**What is required**
Within the records below, filter for lines carrying the word "eqxx" and copy them.

**Extracted entries**
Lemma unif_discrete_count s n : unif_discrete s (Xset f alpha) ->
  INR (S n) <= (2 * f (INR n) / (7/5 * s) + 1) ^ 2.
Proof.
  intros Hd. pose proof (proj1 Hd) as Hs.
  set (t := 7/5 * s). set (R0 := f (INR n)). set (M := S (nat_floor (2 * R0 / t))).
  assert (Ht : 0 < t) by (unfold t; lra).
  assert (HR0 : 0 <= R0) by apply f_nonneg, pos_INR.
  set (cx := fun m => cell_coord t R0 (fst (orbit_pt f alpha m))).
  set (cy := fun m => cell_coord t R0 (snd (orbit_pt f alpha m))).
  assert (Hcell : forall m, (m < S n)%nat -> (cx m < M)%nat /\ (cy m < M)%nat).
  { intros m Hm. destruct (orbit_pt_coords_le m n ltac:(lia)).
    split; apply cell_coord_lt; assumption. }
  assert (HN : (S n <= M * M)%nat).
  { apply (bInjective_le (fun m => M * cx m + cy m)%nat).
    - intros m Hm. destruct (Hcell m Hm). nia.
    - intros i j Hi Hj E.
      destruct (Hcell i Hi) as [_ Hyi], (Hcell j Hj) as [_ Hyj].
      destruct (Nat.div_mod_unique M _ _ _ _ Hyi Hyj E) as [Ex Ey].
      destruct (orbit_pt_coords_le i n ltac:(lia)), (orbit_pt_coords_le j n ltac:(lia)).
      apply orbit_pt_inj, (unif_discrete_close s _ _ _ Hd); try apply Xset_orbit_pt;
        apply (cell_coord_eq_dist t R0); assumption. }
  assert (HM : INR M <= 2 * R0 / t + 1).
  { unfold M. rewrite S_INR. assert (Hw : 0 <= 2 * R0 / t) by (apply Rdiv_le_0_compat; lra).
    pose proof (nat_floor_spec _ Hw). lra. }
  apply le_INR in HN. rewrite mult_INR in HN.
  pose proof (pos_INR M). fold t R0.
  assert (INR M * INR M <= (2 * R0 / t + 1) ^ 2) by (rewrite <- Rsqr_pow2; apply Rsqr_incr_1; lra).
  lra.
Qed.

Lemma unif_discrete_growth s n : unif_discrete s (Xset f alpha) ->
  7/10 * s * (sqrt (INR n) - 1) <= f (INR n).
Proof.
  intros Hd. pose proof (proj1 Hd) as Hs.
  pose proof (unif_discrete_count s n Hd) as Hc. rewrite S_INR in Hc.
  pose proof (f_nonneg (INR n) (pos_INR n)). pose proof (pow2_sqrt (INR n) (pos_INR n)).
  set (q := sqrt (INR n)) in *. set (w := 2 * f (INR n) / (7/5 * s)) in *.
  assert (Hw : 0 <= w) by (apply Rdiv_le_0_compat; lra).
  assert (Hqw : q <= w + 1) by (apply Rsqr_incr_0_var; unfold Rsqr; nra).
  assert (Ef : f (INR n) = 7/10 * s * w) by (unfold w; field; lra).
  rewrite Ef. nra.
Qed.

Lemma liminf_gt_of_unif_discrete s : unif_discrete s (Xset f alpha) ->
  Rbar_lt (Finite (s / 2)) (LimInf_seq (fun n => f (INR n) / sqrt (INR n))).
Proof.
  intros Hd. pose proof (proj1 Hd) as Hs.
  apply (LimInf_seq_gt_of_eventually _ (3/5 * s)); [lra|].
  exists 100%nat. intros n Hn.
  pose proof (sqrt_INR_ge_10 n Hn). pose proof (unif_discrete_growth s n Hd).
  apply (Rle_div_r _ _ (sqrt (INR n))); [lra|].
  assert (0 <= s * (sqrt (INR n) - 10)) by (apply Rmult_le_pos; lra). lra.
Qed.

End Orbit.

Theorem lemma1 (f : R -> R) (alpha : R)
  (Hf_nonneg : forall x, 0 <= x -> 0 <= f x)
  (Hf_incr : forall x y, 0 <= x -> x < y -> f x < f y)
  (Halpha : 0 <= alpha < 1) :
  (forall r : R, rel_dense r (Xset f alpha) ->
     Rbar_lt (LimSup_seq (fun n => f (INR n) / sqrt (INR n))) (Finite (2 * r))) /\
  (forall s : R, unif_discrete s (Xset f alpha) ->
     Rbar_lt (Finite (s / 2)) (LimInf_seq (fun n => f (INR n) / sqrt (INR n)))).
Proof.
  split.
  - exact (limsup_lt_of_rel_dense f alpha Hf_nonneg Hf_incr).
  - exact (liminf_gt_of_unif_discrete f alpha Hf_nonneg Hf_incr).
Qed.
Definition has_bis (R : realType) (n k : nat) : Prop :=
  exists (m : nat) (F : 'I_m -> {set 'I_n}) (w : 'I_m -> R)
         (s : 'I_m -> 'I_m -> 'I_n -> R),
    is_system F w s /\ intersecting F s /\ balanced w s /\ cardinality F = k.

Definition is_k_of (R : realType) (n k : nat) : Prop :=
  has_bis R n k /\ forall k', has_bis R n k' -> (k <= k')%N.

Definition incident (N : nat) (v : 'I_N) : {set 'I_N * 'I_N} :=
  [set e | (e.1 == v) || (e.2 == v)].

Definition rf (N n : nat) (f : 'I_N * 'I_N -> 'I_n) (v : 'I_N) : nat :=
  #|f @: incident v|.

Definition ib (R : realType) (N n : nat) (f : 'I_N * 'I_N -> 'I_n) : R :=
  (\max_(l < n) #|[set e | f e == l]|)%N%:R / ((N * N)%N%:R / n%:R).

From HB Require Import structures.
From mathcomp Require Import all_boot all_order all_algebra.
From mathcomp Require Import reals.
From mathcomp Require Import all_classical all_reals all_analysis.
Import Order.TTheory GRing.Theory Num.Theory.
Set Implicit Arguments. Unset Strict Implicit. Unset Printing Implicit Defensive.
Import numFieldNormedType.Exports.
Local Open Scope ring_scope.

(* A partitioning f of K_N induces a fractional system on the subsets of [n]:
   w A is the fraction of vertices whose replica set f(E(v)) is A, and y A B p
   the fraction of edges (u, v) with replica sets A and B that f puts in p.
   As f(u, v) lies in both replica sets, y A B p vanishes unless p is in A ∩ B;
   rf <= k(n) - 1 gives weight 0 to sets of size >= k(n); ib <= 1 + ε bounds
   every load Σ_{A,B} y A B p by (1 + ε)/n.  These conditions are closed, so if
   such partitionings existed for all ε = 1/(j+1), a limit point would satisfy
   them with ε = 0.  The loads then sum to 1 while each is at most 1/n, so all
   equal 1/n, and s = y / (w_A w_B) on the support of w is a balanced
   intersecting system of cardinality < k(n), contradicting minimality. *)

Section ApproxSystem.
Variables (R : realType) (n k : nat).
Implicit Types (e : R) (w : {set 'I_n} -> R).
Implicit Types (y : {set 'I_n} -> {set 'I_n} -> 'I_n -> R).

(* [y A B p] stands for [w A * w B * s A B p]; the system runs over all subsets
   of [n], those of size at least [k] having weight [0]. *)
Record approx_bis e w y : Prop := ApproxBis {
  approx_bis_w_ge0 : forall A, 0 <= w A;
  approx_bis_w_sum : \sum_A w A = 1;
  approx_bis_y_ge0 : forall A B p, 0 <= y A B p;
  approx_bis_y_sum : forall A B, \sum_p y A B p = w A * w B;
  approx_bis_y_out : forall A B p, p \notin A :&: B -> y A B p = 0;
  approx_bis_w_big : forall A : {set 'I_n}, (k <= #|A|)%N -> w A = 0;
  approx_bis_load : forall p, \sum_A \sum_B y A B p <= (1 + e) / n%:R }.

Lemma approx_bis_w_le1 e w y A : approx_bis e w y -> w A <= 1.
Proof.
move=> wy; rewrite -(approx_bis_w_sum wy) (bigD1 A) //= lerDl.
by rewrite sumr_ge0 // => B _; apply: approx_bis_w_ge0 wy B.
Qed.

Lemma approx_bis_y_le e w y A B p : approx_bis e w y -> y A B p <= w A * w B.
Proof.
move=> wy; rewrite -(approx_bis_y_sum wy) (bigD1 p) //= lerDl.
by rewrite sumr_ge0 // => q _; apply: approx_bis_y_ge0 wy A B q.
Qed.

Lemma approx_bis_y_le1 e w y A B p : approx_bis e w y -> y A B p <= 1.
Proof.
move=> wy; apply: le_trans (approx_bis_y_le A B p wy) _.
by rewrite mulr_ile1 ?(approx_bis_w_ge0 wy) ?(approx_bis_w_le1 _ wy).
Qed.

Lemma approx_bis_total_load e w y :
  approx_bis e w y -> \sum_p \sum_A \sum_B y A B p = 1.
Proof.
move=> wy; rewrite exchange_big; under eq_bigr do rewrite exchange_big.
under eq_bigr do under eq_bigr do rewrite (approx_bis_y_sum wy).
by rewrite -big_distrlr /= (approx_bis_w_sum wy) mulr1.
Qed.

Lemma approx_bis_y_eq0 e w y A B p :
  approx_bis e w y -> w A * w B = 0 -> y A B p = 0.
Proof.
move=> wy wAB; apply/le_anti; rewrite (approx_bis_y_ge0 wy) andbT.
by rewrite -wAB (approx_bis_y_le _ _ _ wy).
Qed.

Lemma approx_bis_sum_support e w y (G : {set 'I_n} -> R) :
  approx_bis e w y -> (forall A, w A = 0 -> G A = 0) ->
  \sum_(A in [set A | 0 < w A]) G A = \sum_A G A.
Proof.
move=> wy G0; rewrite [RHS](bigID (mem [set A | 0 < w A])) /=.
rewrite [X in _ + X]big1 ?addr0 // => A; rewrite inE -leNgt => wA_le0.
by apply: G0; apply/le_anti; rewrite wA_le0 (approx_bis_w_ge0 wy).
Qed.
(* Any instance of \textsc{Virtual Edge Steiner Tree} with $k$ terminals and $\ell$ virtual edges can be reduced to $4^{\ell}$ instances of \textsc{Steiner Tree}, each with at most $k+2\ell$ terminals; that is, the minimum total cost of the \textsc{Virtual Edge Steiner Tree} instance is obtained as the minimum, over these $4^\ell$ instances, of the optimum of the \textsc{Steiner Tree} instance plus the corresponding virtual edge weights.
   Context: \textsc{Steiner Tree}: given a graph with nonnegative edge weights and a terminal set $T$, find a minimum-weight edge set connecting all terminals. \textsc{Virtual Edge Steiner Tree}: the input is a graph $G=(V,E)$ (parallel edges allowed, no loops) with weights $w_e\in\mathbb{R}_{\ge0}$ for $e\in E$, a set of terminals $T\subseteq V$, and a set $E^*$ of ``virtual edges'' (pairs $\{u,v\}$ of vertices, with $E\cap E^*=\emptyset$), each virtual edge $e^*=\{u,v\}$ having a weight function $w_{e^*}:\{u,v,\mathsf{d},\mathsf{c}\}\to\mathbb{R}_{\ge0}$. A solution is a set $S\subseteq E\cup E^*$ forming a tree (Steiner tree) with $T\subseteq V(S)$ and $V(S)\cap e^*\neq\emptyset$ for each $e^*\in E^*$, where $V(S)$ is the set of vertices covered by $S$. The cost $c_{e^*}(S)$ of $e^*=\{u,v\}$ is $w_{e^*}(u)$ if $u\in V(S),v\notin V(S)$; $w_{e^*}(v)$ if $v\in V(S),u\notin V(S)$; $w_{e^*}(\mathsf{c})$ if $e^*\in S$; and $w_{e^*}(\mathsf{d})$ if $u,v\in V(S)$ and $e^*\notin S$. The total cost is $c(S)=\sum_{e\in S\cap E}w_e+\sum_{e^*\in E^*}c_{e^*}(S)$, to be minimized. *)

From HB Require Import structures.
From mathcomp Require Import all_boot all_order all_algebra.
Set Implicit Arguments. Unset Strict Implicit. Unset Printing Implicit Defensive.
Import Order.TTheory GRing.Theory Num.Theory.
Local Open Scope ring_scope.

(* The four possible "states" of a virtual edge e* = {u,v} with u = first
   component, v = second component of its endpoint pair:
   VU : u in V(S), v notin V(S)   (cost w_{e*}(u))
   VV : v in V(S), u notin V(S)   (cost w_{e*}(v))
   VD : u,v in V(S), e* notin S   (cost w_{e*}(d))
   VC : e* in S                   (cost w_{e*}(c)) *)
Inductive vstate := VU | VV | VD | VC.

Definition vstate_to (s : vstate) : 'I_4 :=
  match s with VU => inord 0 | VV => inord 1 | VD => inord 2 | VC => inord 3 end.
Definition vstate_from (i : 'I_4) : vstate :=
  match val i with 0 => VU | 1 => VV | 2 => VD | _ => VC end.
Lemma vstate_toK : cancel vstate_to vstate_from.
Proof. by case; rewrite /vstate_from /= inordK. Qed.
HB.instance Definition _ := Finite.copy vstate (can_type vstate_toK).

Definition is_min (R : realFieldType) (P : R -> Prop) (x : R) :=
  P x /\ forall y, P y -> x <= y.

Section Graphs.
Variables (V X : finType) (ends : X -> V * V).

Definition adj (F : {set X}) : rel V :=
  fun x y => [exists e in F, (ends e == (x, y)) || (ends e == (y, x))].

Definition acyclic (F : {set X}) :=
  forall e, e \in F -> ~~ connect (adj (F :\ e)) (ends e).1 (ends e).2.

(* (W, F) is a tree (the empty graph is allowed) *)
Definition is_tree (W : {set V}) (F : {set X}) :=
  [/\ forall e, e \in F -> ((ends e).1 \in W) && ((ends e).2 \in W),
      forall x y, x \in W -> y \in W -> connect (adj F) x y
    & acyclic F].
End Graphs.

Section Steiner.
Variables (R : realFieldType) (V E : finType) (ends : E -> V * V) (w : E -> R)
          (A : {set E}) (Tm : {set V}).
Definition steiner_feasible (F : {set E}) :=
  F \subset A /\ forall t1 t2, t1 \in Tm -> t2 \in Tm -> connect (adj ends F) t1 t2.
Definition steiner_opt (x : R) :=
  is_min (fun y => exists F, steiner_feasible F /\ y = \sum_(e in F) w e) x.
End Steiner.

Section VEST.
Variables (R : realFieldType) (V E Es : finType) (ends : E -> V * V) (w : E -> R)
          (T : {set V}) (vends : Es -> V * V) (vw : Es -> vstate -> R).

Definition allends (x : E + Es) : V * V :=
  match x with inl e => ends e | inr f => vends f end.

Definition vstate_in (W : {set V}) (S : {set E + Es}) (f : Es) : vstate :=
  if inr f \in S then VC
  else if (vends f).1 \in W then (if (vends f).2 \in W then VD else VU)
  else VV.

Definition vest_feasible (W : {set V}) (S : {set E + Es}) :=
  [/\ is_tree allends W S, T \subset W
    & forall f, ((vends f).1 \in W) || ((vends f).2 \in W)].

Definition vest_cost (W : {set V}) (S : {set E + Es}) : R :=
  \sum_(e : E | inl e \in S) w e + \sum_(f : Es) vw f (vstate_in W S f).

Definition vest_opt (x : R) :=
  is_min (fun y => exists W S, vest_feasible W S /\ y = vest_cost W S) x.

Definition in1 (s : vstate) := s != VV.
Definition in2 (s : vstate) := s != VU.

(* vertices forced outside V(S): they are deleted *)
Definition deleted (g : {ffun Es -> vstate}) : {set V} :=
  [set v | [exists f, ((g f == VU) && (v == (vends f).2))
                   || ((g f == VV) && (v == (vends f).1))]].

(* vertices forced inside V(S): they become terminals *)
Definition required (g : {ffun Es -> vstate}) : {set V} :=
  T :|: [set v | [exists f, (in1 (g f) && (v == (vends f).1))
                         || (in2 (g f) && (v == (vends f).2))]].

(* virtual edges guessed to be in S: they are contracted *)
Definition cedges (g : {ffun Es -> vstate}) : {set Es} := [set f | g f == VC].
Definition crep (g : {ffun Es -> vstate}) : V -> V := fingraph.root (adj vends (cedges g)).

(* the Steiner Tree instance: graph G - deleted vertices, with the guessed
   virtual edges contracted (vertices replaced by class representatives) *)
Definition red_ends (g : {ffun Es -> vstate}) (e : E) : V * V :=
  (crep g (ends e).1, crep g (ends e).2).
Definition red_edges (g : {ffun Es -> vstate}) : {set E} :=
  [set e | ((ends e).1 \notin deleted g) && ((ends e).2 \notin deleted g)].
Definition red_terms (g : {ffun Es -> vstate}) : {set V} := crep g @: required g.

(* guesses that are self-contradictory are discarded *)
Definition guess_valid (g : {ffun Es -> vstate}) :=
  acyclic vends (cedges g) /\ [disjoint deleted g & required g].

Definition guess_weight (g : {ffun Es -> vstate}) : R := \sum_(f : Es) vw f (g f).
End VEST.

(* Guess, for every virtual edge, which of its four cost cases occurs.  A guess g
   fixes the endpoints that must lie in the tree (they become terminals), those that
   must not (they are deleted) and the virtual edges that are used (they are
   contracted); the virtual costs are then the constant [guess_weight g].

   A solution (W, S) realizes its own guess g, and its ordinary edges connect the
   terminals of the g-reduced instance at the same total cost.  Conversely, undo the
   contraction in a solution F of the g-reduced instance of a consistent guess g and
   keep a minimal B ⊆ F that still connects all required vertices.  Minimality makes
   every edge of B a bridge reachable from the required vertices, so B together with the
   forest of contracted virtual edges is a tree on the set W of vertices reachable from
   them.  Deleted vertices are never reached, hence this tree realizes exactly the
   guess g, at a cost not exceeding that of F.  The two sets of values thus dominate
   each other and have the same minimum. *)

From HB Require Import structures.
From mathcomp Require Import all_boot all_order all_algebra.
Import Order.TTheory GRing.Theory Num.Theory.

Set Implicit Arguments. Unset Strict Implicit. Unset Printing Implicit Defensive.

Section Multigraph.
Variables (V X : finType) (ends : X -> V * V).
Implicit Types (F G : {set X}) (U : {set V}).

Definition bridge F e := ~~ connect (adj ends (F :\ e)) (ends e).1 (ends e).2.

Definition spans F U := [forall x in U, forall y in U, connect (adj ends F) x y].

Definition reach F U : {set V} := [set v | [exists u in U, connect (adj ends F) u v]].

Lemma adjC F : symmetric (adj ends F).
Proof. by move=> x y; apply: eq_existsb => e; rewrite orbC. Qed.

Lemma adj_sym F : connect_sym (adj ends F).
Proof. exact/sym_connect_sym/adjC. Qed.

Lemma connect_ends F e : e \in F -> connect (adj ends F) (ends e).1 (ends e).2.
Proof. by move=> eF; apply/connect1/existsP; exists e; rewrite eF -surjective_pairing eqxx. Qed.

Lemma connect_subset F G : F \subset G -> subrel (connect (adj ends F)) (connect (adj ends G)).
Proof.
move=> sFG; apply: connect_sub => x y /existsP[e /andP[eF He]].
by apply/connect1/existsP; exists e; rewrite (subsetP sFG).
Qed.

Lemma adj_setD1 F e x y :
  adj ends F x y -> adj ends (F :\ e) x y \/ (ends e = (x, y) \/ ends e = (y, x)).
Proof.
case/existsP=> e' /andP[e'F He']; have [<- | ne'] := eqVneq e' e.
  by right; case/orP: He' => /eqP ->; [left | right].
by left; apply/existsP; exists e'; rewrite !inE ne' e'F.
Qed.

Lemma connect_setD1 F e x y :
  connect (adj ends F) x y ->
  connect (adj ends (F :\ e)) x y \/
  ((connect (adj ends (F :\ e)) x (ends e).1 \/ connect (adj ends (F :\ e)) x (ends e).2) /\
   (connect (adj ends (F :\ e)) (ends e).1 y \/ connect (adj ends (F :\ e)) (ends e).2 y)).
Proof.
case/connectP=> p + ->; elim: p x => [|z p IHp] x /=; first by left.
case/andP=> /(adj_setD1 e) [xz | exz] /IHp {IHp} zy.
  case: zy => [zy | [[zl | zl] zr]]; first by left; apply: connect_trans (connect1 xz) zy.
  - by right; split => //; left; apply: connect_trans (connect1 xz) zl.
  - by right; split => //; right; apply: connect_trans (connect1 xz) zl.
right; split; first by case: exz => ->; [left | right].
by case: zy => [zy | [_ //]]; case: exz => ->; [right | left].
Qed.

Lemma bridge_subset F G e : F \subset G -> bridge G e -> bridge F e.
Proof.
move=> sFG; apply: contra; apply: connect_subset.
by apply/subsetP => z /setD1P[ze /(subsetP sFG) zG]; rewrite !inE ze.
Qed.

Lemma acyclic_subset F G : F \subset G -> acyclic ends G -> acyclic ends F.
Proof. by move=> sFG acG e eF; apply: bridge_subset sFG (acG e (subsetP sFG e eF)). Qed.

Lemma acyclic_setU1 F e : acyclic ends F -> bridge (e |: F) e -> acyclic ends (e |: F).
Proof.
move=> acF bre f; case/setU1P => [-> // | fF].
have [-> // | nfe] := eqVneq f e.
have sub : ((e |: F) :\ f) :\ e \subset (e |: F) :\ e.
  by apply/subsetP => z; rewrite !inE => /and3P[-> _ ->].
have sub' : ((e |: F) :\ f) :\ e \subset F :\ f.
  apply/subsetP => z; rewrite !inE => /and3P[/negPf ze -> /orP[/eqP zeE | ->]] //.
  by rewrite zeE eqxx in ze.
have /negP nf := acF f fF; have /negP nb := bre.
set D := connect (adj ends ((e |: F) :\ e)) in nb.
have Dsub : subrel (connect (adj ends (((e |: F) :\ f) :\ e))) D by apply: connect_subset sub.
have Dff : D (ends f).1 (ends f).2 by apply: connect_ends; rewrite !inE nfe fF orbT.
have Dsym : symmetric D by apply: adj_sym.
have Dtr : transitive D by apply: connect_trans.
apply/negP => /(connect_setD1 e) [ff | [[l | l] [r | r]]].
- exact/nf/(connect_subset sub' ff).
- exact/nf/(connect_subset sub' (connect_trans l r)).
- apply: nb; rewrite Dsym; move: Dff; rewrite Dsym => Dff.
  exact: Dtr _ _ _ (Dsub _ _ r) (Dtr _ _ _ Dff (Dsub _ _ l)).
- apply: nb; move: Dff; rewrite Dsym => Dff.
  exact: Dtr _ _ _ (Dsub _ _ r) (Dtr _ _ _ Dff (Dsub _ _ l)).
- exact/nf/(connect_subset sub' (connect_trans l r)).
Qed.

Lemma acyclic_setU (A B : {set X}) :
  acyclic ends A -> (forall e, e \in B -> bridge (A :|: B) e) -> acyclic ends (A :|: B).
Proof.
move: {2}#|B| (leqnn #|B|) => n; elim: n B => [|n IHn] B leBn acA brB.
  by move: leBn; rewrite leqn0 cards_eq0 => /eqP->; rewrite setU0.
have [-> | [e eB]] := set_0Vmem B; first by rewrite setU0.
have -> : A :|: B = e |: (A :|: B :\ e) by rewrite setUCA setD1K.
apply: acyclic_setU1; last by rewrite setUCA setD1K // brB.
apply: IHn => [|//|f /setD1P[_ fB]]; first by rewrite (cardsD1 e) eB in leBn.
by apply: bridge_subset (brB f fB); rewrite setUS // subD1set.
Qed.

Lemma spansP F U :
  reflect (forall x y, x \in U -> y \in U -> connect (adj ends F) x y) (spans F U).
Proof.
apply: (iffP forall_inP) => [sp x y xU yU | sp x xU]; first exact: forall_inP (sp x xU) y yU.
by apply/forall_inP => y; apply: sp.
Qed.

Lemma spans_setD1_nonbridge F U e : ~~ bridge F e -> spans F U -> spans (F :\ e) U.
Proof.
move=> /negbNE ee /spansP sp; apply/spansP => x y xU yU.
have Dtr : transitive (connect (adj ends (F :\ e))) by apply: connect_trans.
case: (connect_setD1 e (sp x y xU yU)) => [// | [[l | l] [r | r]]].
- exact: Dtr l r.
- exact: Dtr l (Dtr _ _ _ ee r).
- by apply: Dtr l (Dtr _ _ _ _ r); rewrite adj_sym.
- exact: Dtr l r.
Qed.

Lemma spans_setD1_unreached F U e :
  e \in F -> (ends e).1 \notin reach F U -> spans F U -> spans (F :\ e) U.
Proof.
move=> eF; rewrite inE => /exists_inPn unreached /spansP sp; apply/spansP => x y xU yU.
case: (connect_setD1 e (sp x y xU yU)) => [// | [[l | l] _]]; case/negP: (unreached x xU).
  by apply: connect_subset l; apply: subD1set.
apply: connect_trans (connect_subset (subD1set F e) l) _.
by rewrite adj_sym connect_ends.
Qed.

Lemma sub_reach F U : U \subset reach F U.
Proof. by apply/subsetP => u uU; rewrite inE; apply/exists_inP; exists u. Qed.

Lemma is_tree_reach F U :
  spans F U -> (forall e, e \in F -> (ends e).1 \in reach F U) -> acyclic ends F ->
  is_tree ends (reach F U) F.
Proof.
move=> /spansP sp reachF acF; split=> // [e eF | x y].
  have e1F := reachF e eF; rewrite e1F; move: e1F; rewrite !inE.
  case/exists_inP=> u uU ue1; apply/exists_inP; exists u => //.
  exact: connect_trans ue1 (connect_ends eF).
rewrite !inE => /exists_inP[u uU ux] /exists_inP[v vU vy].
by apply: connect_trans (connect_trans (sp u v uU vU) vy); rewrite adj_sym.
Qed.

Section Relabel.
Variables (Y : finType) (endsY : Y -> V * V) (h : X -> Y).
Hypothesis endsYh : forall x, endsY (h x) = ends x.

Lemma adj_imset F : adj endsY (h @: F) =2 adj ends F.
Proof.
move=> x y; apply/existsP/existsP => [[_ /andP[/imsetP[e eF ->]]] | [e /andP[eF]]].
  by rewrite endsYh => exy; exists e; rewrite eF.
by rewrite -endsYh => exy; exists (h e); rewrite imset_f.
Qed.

**Final answer**
Proof. by move=> eF; apply/connect1/existsP; exists e; rewrite eF -surjective_pairing eqxx. Qed.
  by rewrite zeE eqxx in ze.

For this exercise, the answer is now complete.